TrickBot, the famed Windows crimeware-as-a-service (CaaS) solution used by various threat actors to distribute next-stage payloads like ransomware, looks to be in the midst of a shift, with no new activity since the beginning of the year. According to a report by researchers at Intel 471, the halt in malware activities is “partially due to a big shift from Trickbot’s operators, including working with the operators of Emotet.”
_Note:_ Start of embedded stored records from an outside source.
(* [lpre h A] is the translate h^-1 A, the form in which [is_haar_prob]
   states left invariance. *)
Definition lpre h (A : set (treemap X)) := [set g | G g /\ A (h \o g)].

Definition stab_sec n m v := stab n `&` Tv_preimage G v (stab m).

Lemma stab_inv n k j : stab n k -> G j -> k \o j = (fun w => w) -> stab n j.
Proof.
move=> [_ Ak] Gj E; split=> //.
by apply: agree_id_rinv Ak _ E => w; apply: tree_aut_size (mem_tree_aut Gj).
Qed.

Lemma stab_sec_id n m v : stab_sec n m v (fun w => w).
Proof.
have Gid := mem_id.
by split; split=> //; split; [exact: HS | rewrite section_id].
Qed.

Lemma stab_sec_comp n m v g k : size v = n ->
  stab_sec n m v g -> stab_sec n m v k -> stab_sec n m v (g \o k).
Proof.
move=> Hv [[Gg Ag] [_ [_ Bg]]] [[Gk Ak] [_ [_ Bk]]].
have Ggk := mem_comp Gg Gk.
split; split=> //; first exact: agree_id_comp.
split; first exact: HS.
rewrite section_comp; [exact: agree_id_comp | exact: mem_tree_aut |].
by apply: Ak; rewrite Hv.
Qed.

Lemma stab_sec_rinv n m v k j : size v = n ->
  stab_sec n m v k -> G j -> k \o j = (fun w => w) -> stab_sec n m v j.
Proof.
move=> Hv [Sk [_ [_ Bk]]] Gj E.
have [Gj' Aj] := stab_inv Sk Gj E; have Tj := mem_tree_aut Gj.
split=> //; split=> //; split; first exact: HS.
apply: agree_id_rinv Bk (fun w => size_section v w Tj) _.
by rewrite -section_comp ?E ?section_id //; apply: Aj; rewrite Hv.
Qed.

Lemma lpre_cone n h g0 : cone G n h g0 -> lpre g0 (cone G n h) = stab n.
Proof.
move=> [G0 A0]; have I0 := tree_aut_inj (mem_tree_aut G0).
apply/seteqP; split=> g [Gg Ag]; split=> //.
  by apply/(agree_cancell g I0 A0); case: Ag.
by split; [exact: mem_comp | apply/(agree_cancell g I0 A0)].
Qed.

Lemma lpre_cylinder n m v ha hb g0 : size v = n ->
  (cone G n ha `&` Tv_preimage G v (cone G m hb)) g0 ->
  lpre g0 (cone G n ha `&` Tv_preimage G v (cone G m hb)) = stab_sec n m v.
Proof.
move=> Hv [C0 [_ [_ B0]]].
have Is0 := section_inj (v := v) (mem_tree_aut (proj1 C0)).
have sec_comp g : stab n g -> section (g0 \o g) v = section g0 v \o section g v.
  move=> [Gg Ag]; apply: section_comp (mem_tree_aut Gg) _.
  by apply: Ag; rewrite Hv.
apply/seteqP; split=> g.
  move=> [Gg [Cg [_ [_ Bg]]]]; have Sg : stab n g by rewrite -(lpre_cone C0).
  split=> //; split=> //; split; first exact: HS.
  by apply/(agree_cancell _ Is0 B0); rewrite -sec_comp.
move=> [Sg [_ [_ Bg]]].
have [Gg [G0g Ag]] : lpre g0 (cone G n ha) g by rewrite lpre_cone.
split=> //; split; first by split.
split=> //; split; first exact: HS.
by rewrite sec_comp //; apply/(agree_cancell _ Is0 B0).
Qed.

Lemma lpre_stab_sec_meet n m v a b x y : size v = n -> G a ->
  lpre a (stab_sec n m v) x -> lpre b (stab_sec n m v) x ->
  lpre a (stab_sec n m v) y -> lpre b (stab_sec n m v) y.
Proof.
move=> Hv Ga [Gx Kax] [_ Kbx] [Gy Kay]; split=> //.
have [a' [Ga' Eaa' Ea'a]] := mem_inv Ga; have [x' [Gx' Exx' _]] := mem_inv Gx.
have Kj : stab_sec n m v (x' \o a').
  apply: stab_sec_rinv Hv Kax (mem_comp Gx' Ga') _.
  by apply: funext => w /=; rewrite (comp_idK Exx') (comp_idK Eaa').
have -> : b \o y = (b \o x) \o (x' \o a') \o (a \o y).
  by apply: funext => w /=; rewrite (comp_idK Ea'a) (comp_idK Exx').
by apply: (stab_sec_comp Hv) => //; apply: (stab_sec_comp Hv).
Qed.

Lemma lpre_section_meet n m v h1 h2 : size v = n -> stab n h1 -> stab n h2 ->
  lpre (section h1 v) (stab m) `&` lpre (section h2 v) (stab m) !=set0 ->
  lpre h1 (stab_sec n m v) `&` lpre h2 (stab_sec n m v) !=set0.
Proof.
move=> Hv S1 [G2 A2] [x [[Gx [_ B1x]] [_ [_ B2x]]]].
have G1 := proj1 S1; have T1 := mem_tree_aut G1.
have [h1' [G1' E11' _]] := mem_inv G1; have T1' := mem_tree_aut G1'.
have [_ A1'] := stab_inv S1 G1' E11'.
have fix1' : h1' v = v by apply: A1'; rewrite Hv.
have E11's : section h1 v \o section h1' v = (fun w => w).
  by rewrite -section_comp // E11' section_id.
have A1'x : agree m (section h1' v) x.
  apply: (agree_injl (section_inj (v := v) T1)).
  by rewrite E11's; apply: agree_sym.
have G21' := mem_comp G2 G1'.
exists h1'; split; split=> //; first by rewrite E11'; apply: stab_sec_id.
split; first by split=> //; apply: agree_id_comp.
split=> //; split; first exact: HS.
by rewrite section_comp //; apply: agree_trans (agree_compl _ A1'x) B2x.
Qed.

End Subgroup.

Fixpoint words_upto (X : finType) (N : nat) : seq (seq X) :=
  if N is N'.+1 then [::] :: [seq x :: w | x <- enum X, w <- words_upto X N']
  else [:: [::]].

Lemma mem_words_upto (X : finType) N (w : seq X) :
  (size w <= N)%N -> w \in words_upto X N.
Proof.
elim: N w => [|N IH] [|x w] //= Hw; rewrite inE; apply/orP; right.
by apply: allpairs_f; [rewrite mem_enum | exact: IH].
Qed.

Section Saturated.
Variables (X : finType) (G : set (treemap X)).
Implicit Types (g h k : treemap X) (v w : seq X).

Definition saturated N (S : set (treemap X)) :=
  S `<=` G /\ forall g k, S g -> G k -> agree N g k -> S k.

Lemma cone_measurable N h : G h -> measurable (cone G N h : set (Gspace G)).
Proof. by move=> Gh; apply: sub_sigma_algebra; exists N, h. Qed.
Even while the malware’s command-and-control (C2) infrastructure continued to provide more plugins and web injects to infected nodes in the botnet, the last round of TrickBot attacks was recorded on December 28, 2021. Surprisingly, the drop in campaign volume has coincided with the TrickBot gang collaborating closely with the operators of Emotet, which resurfaced late last year after a 10-month hiatus due to law enforcement attempts to combat the malware.
The attacks, which began in November 2021, comprised an infection sequence that employed TrickBot to download and execute Emotet binaries, even though Emotet was frequently used to dump TrickBot samples before the shutdown.
“It’s likely that the TrickBot operators have phased TrickBot malware out of their operations in favor of other platforms, such as Emotet,” as said by the researchers. “TrickBot, after all, is relatively old malware that hasn’t been updated in a major way.”
Additionally, immediately after Emotet’s comeback in November 2021, Intel 471 discovered instances of TrickBot sending Qbot installations to the infected systems, highlighting the prospect of a behind-the-scenes shake-up to relocate to other platforms. With TrickBot becoming more visible to law enforcement in 2021, it’s not unexpected that the threat actor behind it is actively working to change tactics and improve their protective mechanisms.
As per an independent report issued last week by Advanced Intelligence (AdvIntel), the Conti ransomware gang is thought to have acqui-hired many elite TrickBot engineers to retire the malware in favor of upgraded tools like BazarBackdoor.